I recently purchased the single wall oven. The first one installed did not work at all. None of the controls would operate properly. When I would set the control to broil, I would get proof. If I tried to bake, I got nothing. After GE insisting on trying to fix it by replacing 4 parts, they finally came to the same conclusion - the oven did not work. They did replace it within a short period of time.
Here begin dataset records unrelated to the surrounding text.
Lemma exists_maximal_dual_cell x :
  exists y, (forall p, dual_cell f x p -> dual_cell f y p) /\ maximal_dual_cell f y.
Proof.
have [k] := ubnP (size (tp_supp f) - conv_count x).
elim: k x => // k IH x hk.
have [hmax|/conv_count_grows [z [hxz hlt]]] := pselect (maximal_dual_cell f x).
  by exists x.
have [|y [hzy hy]] := IH z; last by exists y; split=> // p /hxz /hzy.
have := count_size (fun e => `[< dual_cell f z (rvR R e) >]) (tp_supp f).
by rewrite -/(conv_count z); move: hk hlt; lia.
Qed.

(* The active set at [x] lies in a maximal cell, a unimodular simplex whose only
   lattice points are its vertices; so the active set is affinely independent. *)
Lemma smooth_act_rank x a0 s :
  smooth f -> act f x = a0 :: s -> \rank (edge_mx R a0 s) = size s.
Proof.
move=> hs hx; have [y [hxy hmax]] := exists_maximal_dual_cell x.
have [a [_ hconv hdet]] := hs y hmax.
have {}hdet : `|\det (simplex_mx a)| = 1 := hdet.
apply: (affine_free_edge_mx_rank (unimodular_affine_free (R := R) hdet)).
  by rewrite -hx act_uniq.
move=> e he; have := hxy _ (in_conv_mem R (e := e) (s := act f x) ltac:(by rewrite hx)).
by move=> /hconv /in_conv_enum [w [w0 w1 hw]]; apply: (unimodular_lattice_vertex hdet w0 w1).
Qed.

End MaximalDualCells.

Section DifferenceMatrix.
Variables (R : realType) (n m : nat) (A : 'I_n -> seq 'rV[int]_m).

(* Each edge vector [b - head (A i)] is paired with a target value [T i b] for
   its product with an unknown direction. *)
Definition diff_targets (T : 'I_n -> 'rV[int]_m -> R) : seq ('rV[int]_m * R) :=
  flatten [seq [seq (b - head 0 (A i), T i b) | b <- behead (A i)] | i <- enum 'I_n].

Definition diff_mx T : 'M[R]_(size (diff_targets T), m) :=
  \matrix_(k, j) rvR R (nth (0, 0) (diff_targets T) k).1 0 j.

Lemma size_diff_targets T : size (diff_targets T) = (\sum_i (size (A i)).-1)%N.
Proof.
rewrite /diff_targets size_flatten /shape -map_comp sumnE big_map big_enum /=.
by apply: eq_bigr => i _; rewrite size_map size_behead.
Qed.

Lemma mem_diff_targets T i b :
  b \in behead (A i) -> (b - head 0 (A i), T i b) \in diff_targets T.
Proof.
move=> hb; apply/flattenP; exists [seq (b - head 0 (A i), T i b) | b <- behead (A i)].
  by apply/mapP; exists i; rewrite ?mem_enum.
by apply/mapP; exists b.
Qed.

Lemma diff_mx_mul T (w : 'rV[R]_m) k :
  (diff_mx T *m w^T) k 0 = tdot (nth (0, 0) (diff_targets T) k).1 w.
Proof. by rewrite mxE /tdot; apply: eq_bigr => j _; rewrite !mxE. Qed.

Lemma diff_mx_rank_lt T : (\rank (diff_mx T) < m)%N ->
  exists2 u : 'rV[R]_m, u != 0 &
    forall i e, e \in A i -> tdot e u = tdot (head 0 (A i)) u.
Proof.
move=> hr; set K := kermx (diff_mx T)^T.
have [i hi] : exists i, row i K != 0.
  have hK : K != 0 by rewrite -mxrank_eq0 mxrank_ker mxrank_tr -lt0n subn_gt0.
  apply/existsP; rewrite -negb_forall; apply: contra hK => /forallP h.
  by apply/eqP/row_matrixP => i; rewrite row0; apply/eqP.
exists (row i K) => // i' e; case E : (A i') => [//|h t] /=.
rewrite inE => /orP[/eqP->//|het]; apply/eqP; rewrite -subr_eq0 -tdotBl.
pose p := (e - h, T i' e).
have hp : p \in diff_targets T by have := @mem_diff_targets T i' e; rewrite E => ->.
have hk : (index p (diff_targets T) < size (diff_targets T))%N by rewrite index_mem.
have h0 : diff_mx T *m (row i K)^T = 0.
  by rewrite -[diff_mx T]trmxK -trmx_mul -row_mul mulmx_ker row0 trmx0.
have := congr1 (fun M : 'M[R]_(size (diff_targets T), 1) => M (Ordinal hk) 0) h0.
by rewrite diff_mx_mul mxE /= nth_index // => ->.
Qed.

Lemma diff_mx_solve T : \rank (diff_mx T) = size (diff_targets T) ->
  exists w : 'rV[R]_m, forall i b, b \in behead (A i) ->
    tdot b w = tdot (head 0 (A i)) w + T i b.
Proof.
move=> hr.
pose t : 'rV[R]_(size (diff_targets T)) := \row_k (nth (0, 0) (diff_targets T) k).2.
have hf : row_full (diff_mx T)^T by rewrite /row_full mxrank_tr hr.
have [D hD] := submxP (submx_full t hf).
exists D => i b hb; apply/eqP; rewrite addrC -subr_eq -tdotBl; apply/eqP.
pose p := (b - head 0 (A i), T i b).
have hk : (index p (diff_targets T) < size (diff_targets T))%N.
  by rewrite index_mem mem_diff_targets.
have := congr1 (fun M : 'M[R]_(1, size (diff_targets T)) => M 0 (Ordinal hk)) hD.
rewrite /t mxE nth_index ?mem_diff_targets //= => ->.
by rewrite -[in RHS](trmxK D) -trmx_mul mxE diff_mx_mul /= nth_index ?mem_diff_targets.
Qed.

End DifferenceMatrix.

Lemma sum_predn_card_succ n (s : 'I_n -> nat) :
  (forall i, 2 <= s i)%N -> (\sum_i (s i).-1 = n.+1)%N ->
  exists j, s j = 3%N /\ forall i, i != j -> s i = 2%N.
Proof.
move=> h2 hs.
have ht : (\sum_i (s i).-2 = 1)%N.
  have : (\sum_i (s i).-1 = \sum_i (s i).-2 + \sum_(i < n) 1)%N.
    by rewrite -big_split /=; apply: eq_bigr => i _; have := h2 i; lia.
  by rewrite sum1_card card_ord hs; lia.
have [j hj|hn] := pickP (fun i => (s i).-2 != 0%N); last first.
  by move: ht; rewrite big1 // => i _; have := hn i; move/negbFE/eqP.
exists j; move: ht; rewrite (bigD1 j) //= => ht.
have /eqP : (\sum_(i | i != j) (s i).-2 = 0)%N.
  by move: hj ht; set x := (s j).-2; set y := bigop _ _ _; lia.
rewrite sum_nat_eq0 => /forallP hr; split.
  by move: hj ht; have := h2 j; lia.
by move=> i hi; have := implyP (hr i) hi; have := h2 i; lia.
Qed.

Section CurveCells.
Variables (R : realType) (n m : nat) (F : 'I_n -> tpoly R m).

Lemma cellJ_refl J x : cellJ F J x x.
Proof. by move=> i _ e. Qed.

Lemma cellJ_setT_eq x y :
  cellJ F setT x = cellJ F setT y <-> forall i, act (F i) x =i act (F i) y.
Proof.
split=> [h i e|h].
  have hxy : cellJ F setT x y by rewrite h; apply: cellJ_refl.
  have hyx : cellJ F setT y x by rewrite -h; apply: cellJ_refl.
  by apply/idP/idP; [exact: hxy i (in_setT i) e | exact: hyx i (in_setT i) e].
apply: funext => z; apply: propext.
by split=> hz i hi e he; apply: (hz i hi); rewrite ?h // -h.
Qed.

End CurveCells.

Section CurveVertex.
Variables (R : realType) (n : nat) (F : 'I_n -> tpoly R n.+1) (v : 'rV[R]_n.+1).
Hypotheses (n_ge2 : (2 <= n)%N) (F_smooth : forall i, smooth (F i))
  (F_transversal : transversal_inter F) (v_vertex : is_vertex F v).

Lemma vertex_act_size i : (2 <= size (act (F i) v))%N.
Proof. by case: v_vertex => hv _; apply: hv; rewrite in_setT. Qed.

Lemma curve_cell_affdim_lt2 y : inIJ F setT y -> ~ affdim_ge (cellJ F setT y) 2.
Proof.
have hcard : #|[set: 'I_n]| = n by rewrite cardsT card_ord.
have [[_ hdim] _] := F_transversal (J := setT) ltac:(by rewrite hcard).
by rewrite hcard subSnn in hdim; apply: hdim.
Qed.

Lemma vertex_sum_leq : (\sum_i (size (act (F i) v)).-1 <= n.+1)%N.
Proof.
have hadim i : adim (dual_cell (F i) v) (size (act (F i) v)).-1.
  rewrite /dual_cell; case E : (act (F i) v) => [|a0 s].
    by have := vertex_act_size i; rewrite E.
  exact: adim_conv (smooth_act_rank (@F_smooth i) E).
have [_ htr] := F_transversal (J := setT) ltac:(by rewrite cardsT card_ord).
have [/affdim_ge_leq + _] := htr v v_vertex.1 _ (fun i _ => hadim i).
by rewrite (eq_bigl xpredT) // => i; rewrite in_setT.
Qed.

(* A direction orthogonal to all edge vectors of the active sets keeps every
   active set, so it would move [v] inside its own cell. *)
Lemma vertex_diff_rank (T : 'I_n -> 'rV[int]_n.+1 -> R) :
  \rank (diff_mx (fun i => act (F i) v) T) = n.+1.
Proof.
apply/eqP; rewrite eqn_leq rank_leq_col leqNgt; apply/negP => /diff_mx_rank_lt.
case=> u u0 hu; have [e e0 he] := act_family_near0 F v u.
apply: v_vertex.2.2.
apply: (affdim_ge1 (y := v + e *: u) (cellJ_refl (F := F) (J := setT) (x := v))).
  move=> i _ a ha; rewrite he ha /=; apply/allP => b hb.
  by rewrite (hu i b hb) (hu i a ha).
move/(congr1 (fun y => y - v)); rewrite subrr addrC addKr => /esym/eqP.
by rewrite scaler_eq0 (gt_eqF e0) /= (negbTE u0).
Qed.

Lemma vertex_sum_eq : (\sum_i (size (act (F i) v)).-1 = n.+1)%N.
Proof.
apply/eqP; rewrite eqn_leq vertex_sum_leq /=.
have := rank_leq_row (diff_mx (fun i => act (F i) v) (fun _ _ => 0 : R)).
by rewrite vertex_diff_rank size_diff_targets.
Qed.

Lemma vertex_act_sizes :
  exists j, size (act (F j) v) = 3%N /\ forall i, i != j -> size (act (F i) v) = 2%N.
Proof. exact: sum_predn_card_succ vertex_act_size vertex_sum_eq. Qed.

(* The edge vectors of the active sets form a basis, so the values of a
   direction on them can be prescribed at will. *)
Lemma vertex_direction j (P : pred 'rV[int]_n.+1) :
  exists w (c : 'I_n -> R), forall i e, e \in act (F i) v ->
    tdot e w = c i + ((i == j) && P e)%:R.
Proof.
pose t i (e : 'rV[int]_n.+1) : R := ((i == j) && P e)%:R.
pose T i e := t i e - t i (head 0 (act (F i) v)).
have [|w hw] := diff_mx_solve (A := fun i => act (F i) v) (T := T).
  by rewrite vertex_diff_rank size_diff_targets vertex_sum_eq.
exists w, (fun i => tdot (head 0 (act (F i) v)) w - t i (head 0 (act (F i) v))).
move=> i e; case E : (act (F i) v) => [//|h s]; rewrite inE => /orP[/eqP->|he] /=.
  by rewrite subrK.
by rewrite (hw i e) ?E // /T /t E /=; ring.
Qed.

Lemma point_near_vertex j (P : pred 'rV[int]_n.+1) : has P (act (F j) v) ->
  exists x, forall i e, (e \in act (F i) x) = (e \in act (F i) v) && ((i != j) || P e).
Proof.
move=> /hasP [p hp Pp]; have [w [c hw]] := vertex_direction j P.
have [e e0 he] := act_family_near0 F v w; exists (v + e *: w) => i a.
rewrite he; case ha : (a \in act (F i) v) => //=.
apply/allP/idP => [hall|hPa b hb]; last first.
  rewrite (hw i b) // (hw i a) // lerD2l ler_nat.
  by move: hPa; case: (i == j) => //= ->; apply: leq_b1.
case: eqP => [eij|//]; subst i.
by have := hall p hp; rewrite (hw j p) // (hw j a) // lerD2l ler_nat eqxx Pp; case: (P a).
Qed.

Lemma edge_of_sub_act x :
  (forall i, {subset act (F i) x <= act (F i) v}) ->
  (forall i, 2 <= size (act (F i) x))%N ->
  ~ (forall i, {subset act (F i) v <= act (F i) x}) ->
  is_edge F (cellJ F setT x) /\ cellJ F setT x v.
Proof.
move=> hsub h2 hne; have hv : cellJ F setT x v by move=> i _; apply: hsub.
have hx : inIJ F setT x by move=> i _; apply: h2.
split=> //; exists x; split=> //; split; last exact: curve_cell_affdim_lt2.
apply: (affdim_ge1 (cellJ_refl (F := F) (J := setT) (x := x)) hv) => exv.
by apply: hne => i e; rewrite exv.
Qed.

Lemma edge_through_vertex_act E : is_edge F E -> E v ->
  exists x, [/\ E = cellJ F setT x, forall i, {subset act (F i) x <= act (F i) v},
    forall i, (2 <= size (act (F i) x))%N &
    ~ (forall i, {subset act (F i) v <= act (F i) x})].
Proof.
move=> [x [hx -> [hdim _]]] hxv; exists x; split=> // [i|i|hsup].
- exact: hxv i (in_setT i).
- exact: hx i (in_setT i).
have : cellJ F setT x = cellJ F setT v.
  by apply/cellJ_setT_eq => i e; apply/idP/idP; [apply: hxv | apply: hsup].
by move=> hxv'; apply: v_vertex.2.2; rewrite -hxv'.
Qed.

Section TripleActiveSet.
Variable j : 'I_n.
Hypotheses (j_size3 : size (act (F j) v) = 3%N)
  (others_size2 : forall i, i != j -> size (act (F i) v) = 2%N).

(* [x] lies on the edge through [v] obtained by dropping [r] from the active
   set of [f_j]. *)
Definition omits_at (r : 'rV[int]_n.+1) (x : 'rV[R]_n.+1) : Prop :=
  forall i e, (e \in act (F i) x) = (e \in act (F i) v) && ((i != j) || (e != r)).

Lemma size_omit r : r \in act (F j) v ->
  size [seq e <- act (F j) v | e != r] = 2%N.
Proof.
move=> hr; rewrite size_filter.
have := count_predC (pred1 r) (act (F j) v).
rewrite count_uniq_mem ?act_uniq // hr j_size3 => -[<-].
exact: eq_count.
Qed.

Lemma omits_at_edge r : r \in act (F j) v ->
  exists x, [/\ omits_at r x, is_edge F (cellJ F setT x) & cellJ F setT x v].
Proof.
move=> hr; have hP : has (predC1 r) (act (F j) v).
  have := act_uniq (F j) v; case: (act (F j) v) j_size3 => [|a [|b s]] // _.
  move=> /andP[+ _]; rewrite inE => /norP[hab _]; apply/hasP.
  case: (eqVneq a r) => [ar|ar]; [exists b | exists a]; rewrite ?inE ?eqxx ?orbT //=.
  by rewrite -ar eq_sym.
have [x hx] := point_near_vertex hP.
suff [] : is_edge F (cellJ F setT x) /\ cellJ F setT x v by exists x.
apply: edge_of_sub_act => [i e|i|hall].
- by rewrite hx => /andP[].
- case: (eqVneq i j) => [->|hij].
    have hperm : perm_eq (act (F j) x) [seq e <- act (F j) v | e != r].
      apply: uniq_perm; [exact: act_uniq | exact: filter_uniq (act_uniq _ _) | move=> e].
      by rewrite hx mem_filter eqxx andbC.
    by rewrite (perm_size hperm) size_omit.
  apply: leq_trans (vertex_act_size i) (uniq_leq_size (act_uniq _ _) _).
  by move=> e he; rewrite hx he hij.
- by have := hall j r hr; rewrite hx hr /= !eqxx.
Qed.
The second oven I received, appeared to work properly. I was able to bake a cheesecake, rum cake, noodle kogel and banana bread pudding without a problem - note all small pan items. When I tried to bake cookies, I discovered a design flaw. My cookie sheets took over almost the complete rack. Should be no problem, right? Not right. The first batch I tried baking on the "bake" setting. My cooking time was 17 minutes. When I went to pull out my cookies, the ones in the upper left corner were browned (beyond where they should be), but the other cookies were not even slightly browned. I had to remove the pan or have burnt cookies in the back. I tried another batch using "convection bake multi rack". The results were even worse. The cookies in the back on both sides were now burning, there was a little color on the outside edges of those on both sides of the oven and a touch along the outside edge of the cookies in the front,but the middle remained very undercooked. The 1st GE tech replaced the broiler unit after noticing that the left side was brighter and on more than the rest of the unit and noting that the temperature was hotter in the back. I tried baking again after this change. The results were the same. The cookies in the back would burn while the ones in the middle were not done. Another tech and another confirmation that the back was hotter than the rest of the oven, this time it was determined that it was at least 25 degrees hotter. I figured out that the fan, which is located in the center of the back of the oven, was drawing the air in and then heated air was being pushed out two elongated vents on either side of it straight up the sides of the oven. This air is at least 25 degrees hotter than the set temperature. My other ovens do not shoot the air straight forward as this one does and I have no problem baking cookies or anything in a larger pan. I advised GE consumer relations about the problem and they say "the oven works as designed". They will not admit there is a problem or offer a solution other than to send out another repair company to come to the same conclusion. By the way, none of the techs or the consumer relations person cook very much and none baked.

My conclusion is - if you are a baker, do NOT buy this oven. If you never cook anything in a larger pan, then the oven may be very nice for you.

Does anyone have a recommendation for a 30" electric wall oven that is appropriate for baking?


----------



## mia8 (Jul 19, 2012)

Wow...thanks for your warning.  I am actually shopping for a double wall oven now for my home  

The Monogram was recommended--it has great features but...

I'm so sorry you had such an awful experience but truly appreciate the heads up.

Professional Chefs, or avid home bakers, what type of oven do you use at home and/or recommend

for durable, sustained daily use?

All guidance appreciated.


----------



## iegang (Mar 19, 2013)

I did finally get thru to the assistant to the chairman of GE and they are buying my oven back.  I am now at the point where I must get a new one and I believe that I will be looking very hard at the Wolf E-Series.  I have been told the L-Series is being discontinued, so that lets that one out of the running.  Is anyone out there using a Wolf and if so, pros and cons?


----------